Why Elixir for Real-Time Applications?

Broadcaster is built with Elixir, a language that thrives in building fault-tolerant, distributed systems. Elixir runs on the Erlang VM, which is designed for concurrency and low-latency communication — perfect for real-time media delivery. Here are a few reasons why Elixir is ideal for Broadcaster:

  • Scalability: Elixir processes are lightweight and highly scalable, allowing Broadcaster to handle hundreds of concurrent connections effortlessly.
  • Fault Tolerance: The Erlang VM provides robust fault-tolerance mechanisms, isolating processes and automatically restarting them when they crash according to a predefined restart strategy.
  • Distributed Communication: Erlang Distribution Protocol makes communication between processes transparent, regardless of the node they are spawned at. The distribution mechanism is implemented using TCP/IP sockets. Thanks to this, it is easy to synchronize state across nodes in a cluster, which is critical for a globally distributed WebRTC application.

WHIP and WHEP: Simplifying WebRTC Ingestion and Playback

Broadcaster uses two emerging WebRTC standards: WHIP (WebRTC HTTP Ingestion Protocol) and WHEP (WebRTC HTTP Egress Protocol). These protocols are designed to simplify how WebRTC streams are ingested and delivered:

  • WHIP: Used by streamers to publish their audio and video to the service. WHIP standardizes the process of pushing WebRTC media to a server over a simple HTTP-based interface.
  • WHEP: Used by viewers to establish connections and receive streams from the service.
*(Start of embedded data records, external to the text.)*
Lemma level_le j : level j <= d.
Proof.
rewrite /level; case: (ltnP j (size ms)) => [lt_js | le_sj]; last by rewrite nth_default.
exact: (allP ms_le) (mem_nth d lt_js).
Qed.

Lemma level_size : level (size ms) = d.
Proof. exact: nth_default. Qed.

Lemma startS j : start j.+1 = start j + (d - level j).
Proof. by rewrite /start big_ord_recr addnA. Qed.

Lemma start_mono : {homo start : j k / j <= k}.
Proof. by apply: homo_leq => [//|j i k|j]; [apply: leq_trans|rewrite startS leq_addr]. Qed.

Lemma d_le_start j : d <= start j.
Proof. exact: leq_addr. Qed.

Lemma startS_le_nvert j : j <= size ms -> start j.+1 <= nvert.
Proof.
rewrite leq_eqVlt => /orP [/eqP -> | lt_js]; last exact: start_mono.
by rewrite startS level_size subnn addn0.
Qed.

Lemma card_block j : j <= size ms -> #|block j| = d.
Proof.
move=> le_js; have := startS_le_nvert le_js.
have := level_le j; have := d_le_start j; rewrite startS => le_ds le_ld le_n.
by rewrite card_ord_interval_pair startS //; lia.
Qed.

Lemma card_initial a : a <= nvert -> #|initial a| = a.
Proof.
move=> le_an; transitivity #|[set v : 'I_nvert | (v < a) || (a <= v < a)]|.
  by apply: eq_card => v; rewrite !inE; case: ltnP => //= le_av; rewrite ltnNge le_av.
by rewrite card_ord_interval_pair ?leqnn // subnn addn0.
Qed.

Lemma block_size : block (size ms) = initial d.
Proof.
apply/setP=> v; rewrite !inE startS level_size subnn addn0.
by case: (v < d); lia.
Qed.

Lemma block_meet j k : j < k -> k <= size ms ->
  block j :&: block k = initial (minn (level j) (level k)).
Proof.
move=> lt_jk le_ks; apply/setP=> v; rewrite !inE.
have := start_mono lt_jk; have := startS j; have := level_le j; have := level_le k.
have := d_le_start j; have := d_le_start k => *.
by apply/idP/idP; lia.
Qed.

Lemma block_meet_neq j k : j != k -> j <= size ms -> k <= size ms ->
  block j :&: block k = initial (minn (level j) (level k)).
Proof.
case: (ltngtP j k) => // [lt_jk | lt_kj] _ le_js le_ks; first exact: block_meet.
by rewrite setIC minnC block_meet.
Qed.

Lemma card_block_meet_initial j : j <= size ms -> #|block j :&: initial d| = level j.
Proof.
rewrite leq_eqVlt -block_size => /orP [/eqP -> | lt_js].
  by rewrite setIid card_block ?level_size.
rewrite block_meet // level_size (minn_idPl (level_le j)) card_initial //.
exact: leq_trans (level_le j) (d_le_start _).
Qed.

Lemma block_cover v : exists2 j, j <= size ms & v \in block j.
Proof.
have [lt_vd | le_dv] := ltnP v d.
  by exists (size ms); rewrite // block_size inE.
have find m : v < start m -> exists2 j, j < m & start j <= v < start j.+1.
  elim: m => [|m IH] lt_vm; first by move: lt_vm; rewrite /start big_ord0 addn0 ltnNge le_dv.
  have [/IH [j lt_jm v_j] | le_mv] := ltnP v (start m); first by exists j => //; lia.
  by exists m; rewrite ?le_mv.
have [j lt_js v_j] := find (size ms) (ltn_ord v).
by exists j; rewrite ?inE ?v_j ?orbT // ltnW.
Qed.

Lemma mem_blocks F : F \in blocks -> exists2 j, j <= size ms & F = block j.
Proof. by case/mapP=> j; rewrite mem_iota ltnS => /andP [_ le_js] ->; exists j. Qed.

Lemma block_in_blocks j : j <= size ms -> block j \in blocks.
Proof. by move=> le_js; apply: map_f; rewrite mem_iota ltnS le_js. Qed.

Lemma simplicial_blocks : simplicial_complex (generated blocks).
Proof.
apply: simplicial_generated => v; have [j le_js v_j] := block_cover v.
by exists (block j); rewrite ?block_in_blocks.
Qed.

Lemma pure_blocks : pure_dim (generated blocks) d.
Proof. by apply: pure_generated => F /mem_blocks [j le_js ->]; apply: card_block. Qed.

Lemma forest_blocks : forest (generated blocks).
Proof.
apply: (@forest_of_nested_meets _ _ (fun F => #|F :&: initial d|) initial).
  by move=> a b le_ab; apply/subsetP=> v; rewrite !inE => /leq_trans; apply.
move=> F H /mem_facets_generated /mem_blocks [j le_js ->].
move=> /mem_facets_generated /mem_blocks [k le_ks ->] ne_jk.
rewrite !card_block_meet_initial // block_meet_neq //.
by apply: contraNneq ne_jk => ->.
Qed.

Lemma leaf_seq_blocks : leaf_seq d blocks ms.
Proof.
suff suffixes k : k <= size ms ->
    leaf_seq d [seq block j | j <- iota (size ms - k) k.+1] (drop (size ms - k) ms).
  by have := suffixes _ (leqnn _); rewrite subnn drop0.
elim: k => [|k IH] lt_ks; first by rewrite subn0 drop_size; apply/LeafSeq1/card_block.
set j := size ms - k.+1; have lt_js : j < size ms by rewrite /j; lia.
have jS : j.+1 = size ms - k by rewrite /j; lia.
have -> : iota j k.+2 = j :: iota (size ms - k) k.+1 by rewrite /= jS.
have -> : drop j ms = #|block (size ms) :&: block j| :: drop (size ms - k) ms.
  rewrite (drop_nth d) // -jS setIC block_meet // level_size (minn_idPl (level_le j)).
  by rewrite card_initial // (leq_trans (level_le j) (d_le_start _)).
apply: LeafSeqCons (card_block (ltnW lt_js)) _ _ (IH (ltnW lt_ks)).
  by apply/mapP; exists (size ms); rewrite // mem_iota; lia.
move=> H /mapP [i]; rewrite mem_iota => i_range ->.
have [lt_ji le_is] : j < i /\ i <= size ms by rewrite /j; lia.
rewrite !(setIC _ (block j)) !block_meet // level_size (minn_idPl (level_le j)).
by apply/subsetP=> v; rewrite !inE => /leq_trans; apply; apply: geq_minl.
Qed.

End BlockComplex.

Local Open Scope ring_scope.

Definition sep_poly (d : nat) (ms : seq nat) : {poly int} :=
  \sum_(m <- 0%N :: ms) \sum_(m <= t < d) 'X^t.

Lemma coef_sep_poly d ms t :
  (sep_poly d ms)`_t = if (t < d)%N then (count (leq^~ t) (0%N :: ms))%:R else 0.
Proof.
have coef_range m : (\sum_(m <= u < d) 'X^u : {poly int})`_t = (m <= t < d)%N%:R.
  rewrite coef_sum (eq_bigr (fun u => if u == t then 1 else 0)); last first.
    by move=> u _; rewrite coefXn eq_sym; case: eqP.
  by rewrite -big_mkcond big_nat1_eq; case: ifP.
rewrite /sep_poly coef_sum (eq_bigr _ (fun m _ => coef_range m)).
case: ltnP => [lt_td | le_dt]; last first.
  by rewrite big1 // => m _; rewrite andbF.
rewrite -natr_sum big_cons /= -sum1_count [in RHS]big_mkcond /=.
by under eq_bigr => m _ do rewrite andbT.
Qed.

Lemma hpoly_bpoly d f : hpoly d f = 1 + ('X - 1) * bpoly d f.
Proof.
rewrite /hpoly /bpoly big_ord_recl /= expr0 mulr1 mulr_sumr; congr (_ + _).
by apply: eq_bigr => i _; rewrite exprS mulrCA.
Qed.

Lemma coef_bpoly_ge d f t : (d <= t)%N -> (bpoly d f)`_t = 0.
Proof.
move=> le_dt; rewrite /bpoly coef_sum big1 // => i _.
by rewrite coefCM -polyC1 nth_default ?mulr0 // size_exp_XsubC (leq_trans _ le_dt).
Qed.

Lemma ccE d f i : (0 < i)%N -> cc d f i = bb d f i - bb d f i.+1.
Proof.
rewrite /cc /bb hpoly_bpoly coefD coef1 mulrBl mul1r coefB coefXM.
by case: i => //= i _; rewrite add0r.
Qed.

Lemma sum_cc d f k : (0 < k <= d.+1)%N -> \sum_(k <= i < d.+1) cc d f i = bb d f k.
Proof.
case/andP=> k_gt0 le_kd; rewrite (telescope_sumr_eq (fun i => - bb d f i)) //.
  by rewrite /bb coef_bpoly_ge // oppr0 add0r opprK.
by move=> j /andP [le_kj _]; rewrite ccE ?(leq_trans k_gt0) // opprK addrC.
Qed.

Lemma bb_gt0 d f : 0 < bb d f 1 ->
    (forall i, (1 <= i < d)%N -> bb d f i <= bb d f i.+1) ->
  forall k, (1 <= k <= d)%N -> 0 < bb d f k.
Proof.
move=> bb1_gt0 bb_mono; elim=> [|[|k] IH] //= k_range.
by apply: lt_le_trans (bb_mono k.+1 _); [apply: IH|]; lia.
Qed.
WHEP provides a standardized and efficient signaling mechanism over HTTP for clients to consume WebRTC media, which is transmitted directly via WebRTC once the connection is established.

By adopting WHIP and WHEP, Broadcaster benefits from reduced complexity and interoperability. These protocols eliminate the need for custom signaling mechanisms and make it easier to integrate with other WebRTC tools and workflows. Additionally, they align with industry best practices, ensuring Broadcaster remains future-proof as WebRTC evolves.

How Broadcaster Works

Here’s a high-level view of how Broadcaster operates:

  1. Starting a Stream: A streamer starts publishing audio and video data to the service via WHIP.
  2. Viewing a Stream: Viewers connect to the service and receive the stream in real time via WHEP, ensuring seamless playback.
  3. Synchronization Across Clusters: Elixir nodes in geographically distributed clusters communicate to ensure all users see the same live stream, no matter which cluster they’re connected to.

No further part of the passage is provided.